▸ **Exercise description**
Of all the entries below, retype only the lines from the one with "Variables (R : realType)" through the one with "move=> a_sfeas b_feas l01;", exactly as they appear.

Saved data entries

(* Suppose Assumptions (A1), (A2) and (SC) hold. Then for every $x\in\mathcal{X}$ and $t>0$, $$\|y_t^*(x)-y^*(x)\|\le\sqrt{\frac{2}{\mu_g}kt}.$$
   Context: Let $f,g,h_1,\dots,h_k:\mathbb{R}^n\times\mathbb{R}^m\to\mathbb{R}$ and $\mathcal{X}\subseteq\mathbb{R}^n$. For $x\in\mathcal{X}$ let $\mathcal{Y}(x)=\{y: h_i(x,y)\le 0,\ i=1,\dots,k\}$ and $y^*(x)=\arg\min_{y\in\mathcal{Y}(x)} g(x,y)$. For $t>0$ let $\widetilde g_t(x,y)=g(x,y)-t\sum_{i=1}^k\log(-h_i(x,y))$ (defined when all $h_i(x,y)<0$) and $y_t^*(x)=\arg\min_y\widetilde g_t(x,y)$. Assumptions: (A1) $f$ once and $g,h_i$ twice continuously differentiable; (A2) $\mathcal{X}$ convex and compact and for every $x\in\mathcal{X}$ there is $y$ with $h_i(x,y)<0$ for all $i$; (SC) for every $x\in\mathcal{X}$, $g(x,\cdot)$ is $\mu_g$-strongly convex and each $h_i(x,\cdot)$ is convex. *)

From HB Require Import structures.
From mathcomp Require Import all_boot all_order all_algebra.
From mathcomp Require Import all_classical all_reals all_analysis.
Set Implicit Arguments. Unset Strict Implicit. Unset Printing Implicit Defensive.
Import Order.TTheory GRing.Theory Num.Theory.
Import numFieldNormedType.Exports.
Local Open Scope classical_set_scope.
Local Open Scope ring_scope.

Section Defs.
Variable R : realType.

Definition enorm (m : nat) (v : 'rV[R]_m) : R :=
  Num.sqrt (\sum_(i < m) (v ord0 i) ^+ 2).

(* Continuously differentiable (finite-dimensional domain): differentiable
   everywhere and every directional derivative p |-> dF(p) v is continuous. *)
Definition C1 (V : normedModType R) (F : V -> R) : Prop :=
  (forall p, differentiable F p) /\ (forall v : V, continuous (fun p => 'd F p v)).

Definition C2 (V : normedModType R) (F : V -> R) : Prop :=
  C1 F /\ (forall v : V, C1 (fun p => 'd F p v)).

Definition uncurry2 (n m : nat) (F : 'rV[R]_n -> 'rV[R]_m -> R)
  : 'rV[R]_n * 'rV[R]_m -> R := fun p => F p.1 p.2.

Definition convex_setR (n : nat) (X : set 'rV[R]_n) : Prop :=
  forall a b, X a -> X b -> forall l : R, 0 <= l <= 1 -> X (l *: a + (1 - l) *: b).

Definition convex_funR (m : nat) (G : 'rV[R]_m -> R) : Prop :=
  forall a b (l : R), 0 <= l <= 1 ->
    G (l *: a + (1 - l) *: b) <= l * G a + (1 - l) * G b.

Definition strongly_convex (m : nat) (mu : R) (G : 'rV[R]_m -> R) : Prop :=
  forall a b (l : R), 0 <= l <= 1 ->
    G (l *: a + (1 - l) *: b) <=
      l * G a + (1 - l) * G b - mu / 2 * l * (1 - l) * (enorm (a - b)) ^+ 2.

Definition feas (n m k : nat) (h : 'I_k -> 'rV[R]_n -> 'rV[R]_m -> R) x : set 'rV[R]_m :=
  [set y | forall i, h i x y <= 0].
Definition sfeas (n m k : nat) (h : 'I_k -> 'rV[R]_n -> 'rV[R]_m -> R) x : set 'rV[R]_m :=
  [set y | forall i, h i x y < 0].

(* log-barrier function g~_t (meaningful on the strictly feasible set) *)
Definition gbar (n m k : nat) (g : 'rV[R]_n -> 'rV[R]_m -> R)
  (h : 'I_k -> 'rV[R]_n -> 'rV[R]_m -> R) (t : R) x y : R :=
  g x y - t * \sum_(i < k) ln (- h i x y).

Definition is_argmin (m : nat) (G : 'rV[R]_m -> R) (S : set 'rV[R]_m) y : Prop :=
  S y /\ forall z, S z -> G y <= G z.

End Defs.

From HB Require Import structures.
From mathcomp Require Import all_boot all_order all_algebra.
From mathcomp Require Import all_classical all_reals all_analysis.
From mathcomp Require Import ring lra.
Import Order.TTheory GRing.Theory Num.Theory.
Import numFieldNormedType.Exports.
Set Implicit Arguments. Unset Strict Implicit. Unset Printing Implicit Defensive.
Local Open Scope classical_set_scope.
Local Open Scope ring_scope.

(* Compare both minimizers with points on the segment between them.
   Strong convexity of g on the segment, with z = yt/4 + 3 ystar/4 feasible for
   the constrained problem, gives g(yt) - g(ystar) >= (3/8) mu |yt - ystar|^2.
   The barrier point w = 3 yt/4 + ystar/4 is strictly feasible, and convexity of
   the h_i gives -h_i(w) >= (3/4)(-h_i(yt)); so optimality of yt for the barrier
   problem yields g(yt) <= g(w) - t k ln(3/4) <= g(w) + t k / 3.  Inserting the
   strong convexity bound for g(w) and the gap above leaves
   (3/16) mu |yt - ystar|^2 <= t k / 3. *)

Lemma one_sub_inv_le_ln (R : realType) (x : R) : 0 < x -> 1 - x^-1 <= ln x.
Proof.
move=> x_gt0; have xV_gt0 : 0 < x^-1 by rewrite invr_gt0.
have : ln (1 + (x^-1 - 1)) <= x^-1 - 1 by apply: le_ln1Dx; lra.
by rewrite addrC subrK lnV ?posrE //; lra.
Qed.

Lemma convex_funR_comb_le (R : realType) (m : nat) (H : 'rV[R]_m -> R) a b l :
  convex_funR H -> H b <= 0 -> 0 <= l <= 1 ->
  H (l *: a + (1 - l) *: b) <= l * H a.
Proof.
move=> H_cvx Hb_le0 l01; apply: le_trans (H_cvx a b l l01) _.
by rewrite gerDl mulr_ge0_le0 // subr_ge0; case/andP: l01.
Qed.

Lemma argmin_strongly_convex_gap (R : realType) (m : nat) (mu : R)
    (G : 'rV[R]_m -> R) (S : set 'rV[R]_m) a b l :
  strongly_convex mu G -> is_argmin G S b -> S (l *: a + (1 - l) *: b) ->
  0 < l <= 1 -> mu / 2 * (1 - l) * enorm (a - b) ^+ 2 <= G a - G b.
Proof.
move=> G_sc [_ b_min] S_comb /andP[l_gt0 l_le1].
set D := mu / 2 * (1 - l) * enorm (a - b) ^+ 2.
have Gb_le : G b <= l * G a + (1 - l) * G b - l * D.
  apply: le_trans (b_min _ S_comb) _.
  have -> : l * D = mu / 2 * l * (1 - l) * enorm (a - b) ^+ 2 by rewrite /D; ring.
  by apply: G_sc; rewrite ltW.
rewrite -(ler_pM2l l_gt0); lra.
Qed.

Section LogBarrier.
Variables (R : realType) (n m k : nat) (h : 'I_k -> 'rV[R]_n -> 'rV[R]_m -> R).
Variable (x : 'rV[R]_n).
Hypothesis h_cvx : forall i, convex_funR (h i x).

Lemma sfeas_feas : sfeas h x `<=` feas h x.
Proof. by move=> y y_sfeas i; apply/ltW/y_sfeas. Qed.

Lemma sfeas_comb a b l : sfeas h x a -> feas h x b -> 0 < l <= 1 ->
  sfeas h x (l *: a + (1 - l) *: b).
Proof.
move=> a_sfeas b_feas /andP[l_gt0 l_le1] i.
apply: le_lt_trans (convex_funR_comb_le a (h_cvx i) (b_feas i) _) _.
  by rewrite ltW.
by rewrite pmulr_rlt0.
Qed.

Lemma sum_ln_barrier_comb a b l : sfeas h x a -> feas h x b -> 0 < l <= 1 ->
  k%:R * ln l + \sum_(i < k) ln (- h i x a) <=
  \sum_(i < k) ln (- h i x (l *: a + (1 - l) *: b)).
Proof.
move=> a_sfeas b_feas l01; have /andP[l_gt0 l_le1] := l01.
have -> : k%:R * ln l = \sum_(i < k) ln l by rewrite sumr_const card_ord mulr_natl.
rewrite -big_split /=.
apply: ler_sum => i _.
have Nha_gt0 : 0 < - h i x a by rewrite oppr_gt0.
rewrite -lnM ?posrE // ler_ln ?posrE ?mulr_gt0 ?oppr_gt0 //.
  by rewrite mulrN lerNr opprK convex_funR_comb_le // ltW.
exact: sfeas_comb.
Qed.

Lemma barrier_argmin_le (g : 'rV[R]_n -> 'rV[R]_m -> R) t a b l :
  0 < t -> is_argmin (gbar g h t x) (sfeas h x) a -> feas h x b -> 0 < l <= 1 ->
  g x a <= g x (l *: a + (1 - l) *: b) - t * (k%:R * ln l).
Proof.
move=> t_gt0 [a_sfeas a_min] b_feas l01.
have := a_min _ (sfeas_comb a_sfeas b_feas l01); rewrite /gbar.
have := ler_wpM2l (ltW t_gt0) (sum_ln_barrier_comb a_sfeas b_feas l01).
lra.
Qed.

End LogBarrier.

Lemma le_sqrt_div_of_mul_sqr_le (R : rcfType) (d c mu : R) :
  0 <= d -> 0 < mu -> mu * d ^+ 2 <= c -> d <= Num.sqrt (c / mu).
Proof.
move=> d_ge0 mu_gt0 le_c.
have c_ge0 : 0 <= c by apply: le_trans _ le_c; rewrite mulr_ge0 ?sqr_ge0 ?ltW.
rewrite -(ger0_norm d_ge0) -sqrtr_sqr ler_sqrt; last by rewrite divr_ge0 // ltW.
by rewrite ler_pdivlMr // mulrC.
Qed.

Theorem lemma6 (R : realType) (n m k : nat)
  (f g : 'rV[R]_n -> 'rV[R]_m -> R) (h : 'I_k -> 'rV[R]_n -> 'rV[R]_m -> R)
  (X : set 'rV[R]_n) (mu_g : R) :
  (* (A1) *)
  C1 (uncurry2 f) -> C2 (uncurry2 g) -> (forall i, C2 (uncurry2 (h i))) ->
  (* (A2) *)
  convex_setR X -> compact X ->
  (forall x, X x -> exists y, forall i, h i x y < 0) ->
  (* (SC) *)
  0 < mu_g ->
  (forall x, X x -> strongly_convex mu_g (g x)) ->
  (forall x, X x -> forall i, convex_funR (h i x)) ->
  forall x, X x -> forall t : R, 0 < t ->
  forall ystar yt : 'rV[R]_m,
    is_argmin (g x) (feas h x) ystar ->
    is_argmin (gbar g h t x) (sfeas h x) yt ->
    enorm (yt - ystar) <= Num.sqrt (2 / mu_g * k%:R * t).
Proof.
move=> _ _ _ _ _ _ mu_gt0 g_sc h_cvx x Xx t t_gt0 ystar yt ystar_min yt_min.
have [[ystar_feas _] [yt_sfeas _]] := conj ystar_min yt_min.
have l14 : 0 < (1 / 4 : R) <= 1 by apply/andP; split; lra.
have l34 : 0 < (3 / 4 : R) <= 1 by apply/andP; split; lra.
have gap := argmin_strongly_convex_gap (g_sc x Xx) ystar_min
  (sfeas_feas (sfeas_comb (h_cvx x Xx) yt_sfeas ystar_feas l14)) l14.
have barrier := barrier_argmin_le (h_cvx x Xx) t_gt0 yt_min ystar_feas l34.
have g_w : g x (3 / 4 *: yt + (1 - 3 / 4) *: ystar) <=
    3 / 4 * g x yt + (1 - 3 / 4) * g x ystar
    - mu_g / 2 * (3 / 4) * (1 - 3 / 4) * enorm (yt - ystar) ^+ 2.
  by apply: g_sc => //; case/andP: l34 => /ltW -> ->.
have ln34 : - (1 / 3) <= ln (3 / 4 : R).
  by have := @one_sub_inv_le_ln R (3 / 4) (divr_gt0 _ _); rewrite invf_div; lra.
have tk_ge0 : 0 <= t * k%:R by rewrite mulr_ge0 // ltW.
have tk_ln34 := ler_wpM2l tk_ge0 ln34.
have -> : 2 / mu_g * k%:R * t = 2 * k%:R * t / mu_g by ring.
by apply: le_sqrt_div_of_mul_sqr_le; rewrite ?sqrtr_ge0 //; lra.
Qed.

▸ **Answer to the problem**
Variables (R : realType) (n m k : nat) (h : 'I_k -> 'rV[R]_n -> 'rV[R]_m -> R).
Variable (x : 'rV[R]_n).
Hypothesis h_cvx : forall i, convex_funR (h i x).

Lemma sfeas_feas : sfeas h x `<=` feas h x.
Proof. by move=> y y_sfeas i; apply/ltW/y_sfeas. Qed.

Lemma sfeas_comb a b l : sfeas h x a -> feas h x b -> 0 < l <= 1 ->
  sfeas h x (l *: a + (1 - l) *: b).
Proof.
move=> a_sfeas b_feas /andP[l_gt0 l_le1] i.
apply: le_lt_trans (convex_funR_comb_le a (h_cvx i) (b_feas i) _) _.
  by rewrite ltW.
by rewrite pmulr_rlt0.
Qed.

Lemma sum_ln_barrier_comb a b l : sfeas h x a -> feas h x b -> 0 < l <= 1 ->
  k%:R * ln l + \sum_(i < k) ln (- h i x a) <=
  \sum_(i < k) ln (- h i x (l *: a + (1 - l) *: b)).
Proof.
move=> a_sfeas b_feas l01; have /andP[l_gt0 l_le1] := l01.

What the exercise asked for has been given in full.